# TASK PROMPT:
Using the records below, quote only the span that opens with the line containing "move=> pq; elim: k" and closes with the line containing "congr (_ * _); apply: eq_bigr => k _.", exactly and inclusively.

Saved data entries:
___

(* [moment (x ^+ 2) e] is the expectation of (x r)^e for a Rademacher sign r. *)
Definition moment c (e : nat) : R := if odd e then 0 else c ^+ e./2.

Lemma moment0 c : moment c 0 = 1.
Proof. by rewrite /moment /= expr0. Qed.

Lemma momentS2 c e : moment c e.+2 = c * moment c e.
Proof. by rewrite /moment /= negbK; case: odd; rewrite ?mulr0 ?exprS. Qed.

Lemma moment_ge0 c e : 0 <= c -> 0 <= moment c e.
Proof. by move=> c0; rewrite /moment; case: odd; rewrite ?exprn_ge0. Qed.

Lemma momentM c d e : moment c e * moment d e = moment (c * d) e.
Proof. by rewrite /moment; case: odd; rewrite ?mul0r ?exprMn. Qed.

Lemma momentS_mul c d e : moment c e.+1 * moment d e = 0.
Proof. by rewrite /moment /=; case: odd; rewrite ?mul0r ?mulr0. Qed.

Lemma moment_le c d e : 0 <= c -> c <= d -> moment c e <= moment d e.
Proof.
by move=> c0 cd; rewrite /moment; case: odd; rewrite // lerXn2r ?nnegrE ?(le_trans c0).
Qed.

End Moments.

Lemma sign_average_exp (R : numFieldType) (x : R) e :
  2^-1 * \sum_(s : bool) (x * rsign s) ^+ e = moment (x ^+ 2) e.
Proof.
rewrite big_bool /= /rsign /moment mulr1 exprMn -signr_odd.
case: (boolP (odd e)) => [_|even_e]; first by rewrite expr1 mulrN1 subrr mulr0.
rewrite expr0 mulr1 -exprM mul2n -[in x ^+ e](odd_double_half e) (negbTE even_e).
have half_double (y : R) : 2^-1 * (y + y) = y.
  by rewrite -mulr2n -[y *+ 2]mulr_natl mulKf // pnatr_eq0.
exact: half_double.
Qed.

Section CoefficientPredicates.
Variables (R : numDomainType) (n : nat).

Definition nneg_coef : {pred {mpoly R[n]}} :=
  [pred p | all (fun m => 0 <= p@_m) (msupp p)].

Lemma nneg_coefP p : reflect (forall m, 0 <= p@_m) (p \in nneg_coef).
Proof.
apply: (iffP allP) => [h m|h m _]; last exact: h.
by have [/h //|/memN_msupp_eq0 ->] := boolP (m \in msupp p).
Qed.

Fact nneg_coef_semiring_closed : semiring_closed nneg_coef.
Proof.
split; split.
- by apply/nneg_coefP => m; rewrite mcoeff0.
- move=> p q /nneg_coefP p0 /nneg_coefP q0.
  by apply/nneg_coefP => m; rewrite mcoeffD addr_ge0.
- by apply/nneg_coefP => m; rewrite mcoeff1 ler0n.
- move=> p q /nneg_coefP p0 /nneg_coefP q0; apply/nneg_coefP => m.
  by rewrite mcoeffM; apply: sumr_ge0 => k _; apply: mulr_ge0.
Qed.

HB.instance Definition _ :=
  GRing.isSemiringClosed.Build {mpoly R[n]} nneg_coef nneg_coef_semiring_closed.

Definition avoids (i j : 'I_n) : {pred {mpoly R[n]}} :=
  [pred p | all (fun m : 'X_{1..n} => (m i == 0%N) && (m j == 0%N)) (msupp p)].

Fact avoids_subring_closed i j : subring_closed (avoids i j).
Proof.
split.
- by apply/allP => m; rewrite msupp1 inE => /eqP ->; rewrite !mnm0E.
- move=> p q /allP p_ij /allP q_ij; apply/allP => m /msuppB_le.
  by rewrite mem_cat => /orP[/p_ij|/q_ij].
- move=> p q /allP p_ij /allP q_ij; apply/allP => m.
  case/msuppM_le/allpairsP => -[m1 m2] [/= /p_ij + /q_ij + ->].
  by rewrite !mnmDE => /andP[/eqP-> /eqP->] /andP[/eqP-> /eqP->].
Qed.

HB.instance Definition _ i j :=
  GRing.isSubringClosed.Build {mpoly R[n]} (avoids i j) (avoids_subring_closed i j).

Lemma nneg_coefX m : 'X_[m] \in nneg_coef.
Proof. by apply/nneg_coefP => m'; rewrite mcoeffX ler0n. Qed.

Lemma avoidsX i j k : k != i -> k != j -> 'X_k \in avoids i j.
Proof.
move=> ki kj; apply/allP => m; rewrite msuppX inE => /eqP ->.
by rewrite !mnm1E (negbTE ki) (negbTE kj).
Qed.

Lemma avoidsP i j p m : p \in avoids i j -> m \in msupp p -> m i = 0%N /\ m j = 0%N.
Proof. by move=> /allP p_ij /p_ij /andP[/eqP-> /eqP->]. Qed.

End CoefficientPredicates.

Arguments nneg_coef {R n}.

Section Expectation.
Variables (R : numDomainType) (n : nat) (a : 'I_n -> R).
Implicit Types (p q : {mpoly R[n]}) (m : 'X_{1..n}).

Definition mmoment m : R := \prod_i moment (a i) (m i).

(* When [a = x^2], [expect a p] is the expectation of p(x_1 r_1, ..., x_n r_n)
   (see sign_average_meval).  It is parametrized by [a] rather than [x] since
   Schur-concavity is tested at arbitrary [a >= 0] and R has no square roots. *)
Definition expect p : R := \sum_(m <- msupp p) p@_m * mmoment m.

Lemma expectE p (s : seq 'X_{1..n}) : uniq s -> {subset msupp p <= s} ->
  expect p = \sum_(m <- s) p@_m * mmoment m.
Proof.
move=> s_uniq supp_s; rewrite (bigID (mem (msupp p))) /= [X in _ + X]big1 ?addr0.
  rewrite -big_filter; apply/perm_big/uniq_perm; rewrite ?msupp_uniq ?filter_uniq //.
  by move=> m; rewrite mem_filter andb_idr // => /supp_s.
by move=> m /memN_msupp_eq0 ->; rewrite mul0r.
Qed.

Lemma expectD p q : expect (p + q) = expect p + expect q.
Proof.
pose s := undup (msupp p ++ msupp q ++ msupp (p + q)).
have sub_s r : r \in [:: p; q; p + q] -> {subset msupp r <= s}.
  by rewrite !inE => /or3P[] /eqP-> m m_supp; rewrite mem_undup !mem_cat m_supp ?orbT.
rewrite !(@expectE _ s) ?undup_uniq //; try by apply: sub_s; rewrite !inE eqxx ?orbT.
by rewrite -big_split; apply: eq_bigr => m _; rewrite mcoeffD mulrDl.
Qed.

Lemma expectZ c p : expect (c *: p) = c * expect p.
Proof.
rewrite (@expectE _ (msupp p)) ?msupp_uniq //; last exact: msuppZ_le.
by rewrite /expect big_distrr; apply: eq_bigr => m _; rewrite mcoeffZ -mulrA.
Qed.

Lemma expect0 : expect 0 = 0.
Proof. by rewrite -(scale0r 0) expectZ mul0r. Qed.

Lemma expect_sum (I : Type) (r : seq I) (P : pred I) (F : I -> {mpoly R[n]}) :
  expect (\sum_(i <- r | P i) F i) = \sum_(i <- r | P i) expect (F i).
Proof. exact: (big_morph _ expectD expect0). Qed.

Lemma expectX m : expect 'X_[m] = mmoment m.
Proof. by rewrite /expect msuppX big_seq1 mcoeffX eqxx mul1r. Qed.

Lemma mmomentD2 m i : mmoment (m + U_(i) *+ 2) = a i * mmoment m.
Proof.
rewrite /mmoment (bigD1 i) //= [in RHS](bigD1 i) //= mulrA.
rewrite mnmDE mulmnE mnm1E eqxx mul1n addn2 momentS2; congr (_ * _).
by apply: eq_bigr => k ki; rewrite mnmDE mulmnE mnm1E eq_sym (negbTE ki) mul0n addn0.
Qed.

Lemma expect_mulX2 p i : expect (p * 'X_i ^+ 2) = a i * expect p.
Proof.
rewrite {1}(mpolyE p) mulr_suml expect_sum [in RHS]/expect big_distrr.
apply: eq_bigr => m _.
by rewrite -scalerAl expectZ mpolyXn -mpolyXD expectX mmomentD2 mulrCA.
Qed.

Lemma expect_ge0 p : (forall i, 0 <= a i) -> p \in nneg_coef -> 0 <= expect p.
Proof.
move=> a0 /nneg_coefP p0; apply: sumr_ge0 => m _.
by rewrite mulr_ge0 // prodr_ge0 // => i _; apply: moment_ge0.
Qed.

Lemma mmoment_pair (i j : 'I_n) e1 e2 m : i != j -> m i = 0%N -> m j = 0%N ->
  mmoment (U_(i) *+ e1 + U_(j) *+ e2 + m) = moment (a i) e1 * moment (a j) e2 * mmoment m.
Proof.
move=> ij mi mj.
have mE k : (U_(i) *+ e1 + U_(j) *+ e2 + m)%MM k = ((i == k) * e1 + (j == k) * e2 + m k)%N.
  by rewrite !mnmDE !mulmnE !mnm1E.
rewrite /mmoment (bigD1 i) //= [in RHS](bigD1 i) //= (bigD1 j) 1?eq_sym //=.
rewrite [in RHS](bigD1 j) 1?eq_sym //= !mE eqxx (negbTE ij) eq_sym (negbTE ij) eqxx mi mj.
rewrite !mul1n !mul0n !addn0 add0n !moment0 !mul1r !mulrA; congr (_ * _).
by apply: eq_bigr => k /andP[ki kj]; rewrite mE !(eq_sym _ k) (negbTE ki) (negbTE kj).
Qed.

Lemma expect_mulXX (i j : 'I_n) e1 e2 q : i != j -> q \in avoids i j ->
  expect ('X_i ^+ e1 * 'X_j ^+ e2 * q) = moment (a i) e1 * moment (a j) e2 * expect q.
Proof.
move=> ij q_ij; rewrite {1}(mpolyE q) mulr_sumr expect_sum [in RHS]/expect big_distrr.
rewrite !big_seq; apply: eq_bigr => m /(avoidsP q_ij)[mi mj].
by rewrite -scalerAr expectZ !mpolyXn -!mpolyXD expectX mmoment_pair // mulrCA.
Qed.

Definition expect_equiv p q := forall r, expect (r * p) = expect (r * q).

Lemma expect_equivX p q k : expect_equiv p q -> expect_equiv (p ^+ k) (q ^+ k).
Proof.
move=> pq; elim: k => [|k IH] r; first by rewrite !expr0.
by rewrite exprSr mulrA pq -mulrA [p ^+ k * q]mulrC mulrA IH -mulrA -exprS.
Qed.

End Expectation.

Lemma expect_avoids_eq (R : numDomainType) n (a b : 'I_n -> R) (i j : 'I_n) q :
  q \in avoids i j -> (forall k, k != i -> k != j -> b k = a k) ->
  expect b q = expect a q.
Proof.
move=> q_ij ab; rewrite /expect !big_seq; apply: eq_bigr => m /(avoidsP q_ij)[mi mj].
congr (_ * _); apply: eq_bigr => k _.
have [->|ki] := eqVneq k i; first by rewrite mi !moment0.
have [->|kj] := eqVneq k j; first by rewrite mj !moment0.
by rewrite ab.
Qed.

(* The value of [expect] on (X_i X_j)^m (X_i + X_j)^h (expect_pair) in terms of
   s = a_i + a_j and p = a_i a_j: expanding (X_i + X_j)^(2k) as (s + 2 X_i X_j)^k
   shows it is a polynomial in s and p with nonnegative coefficients. *)
Definition pair_moment (R : numDomainType) (s p : R) (m h : nat) : R :=
  if odd h then 0 else
  \sum_(t < h./2.+1) 'C(h./2, t)%:R * s ^+ (h./2 - t) * 2 ^+ t * moment p (m + t).

Lemma pair_moment_le (R : numDomainType) (s p p' : R) m h :
  0 <= s -> 0 <= p' -> p' <= p -> pair_moment s p' m h <= pair_moment s p m h.
Proof.
move=> s0 p'0 p'p; rewrite /pair_moment; case: odd => //.
apply: ler_sum => t _; apply: ler_wpM2l; last exact: moment_le.
by rewrite !mulr_ge0 ?exprn_ge0.
Qed.

Section PairExpectation.
Variables (R : numDomainType) (n : nat) (a : 'I_n -> R) (i j : 'I_n).
Hypothesis ij : i != j.

Lemma expect_equiv_sqr :
  expect_equiv a (('X_i + 'X_j) ^+ 2) ((a i + a j)%:MP + ('X_i * 'X_j) *+ 2).
Proof.
move=> r; rewrite sqrrD !mulrDr !expectD !expect_mulX2.
by rewrite [r * _%:MP]mulrC mul_mpolyC expectZ; ring.
Qed.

___

# ANSWER BOX:
move=> pq; elim: k => [|k IH] r; first by rewrite !expr0.
by rewrite exprSr mulrA pq -mulrA [p ^+ k * q]mulrC mulrA IH -mulrA -exprS.
Qed.

End Expectation.

Lemma expect_avoids_eq (R : numDomainType) n (a b : 'I_n -> R) (i j : 'I_n) q :
  q \in avoids i j -> (forall k, k != i -> k != j -> b k = a k) ->
  expect b q = expect a q.
Proof.
move=> q_ij ab; rewrite /expect !big_seq; apply: eq_bigr => m /(avoidsP q_ij)[mi mj].
congr (_ * _); apply: eq_bigr => k _.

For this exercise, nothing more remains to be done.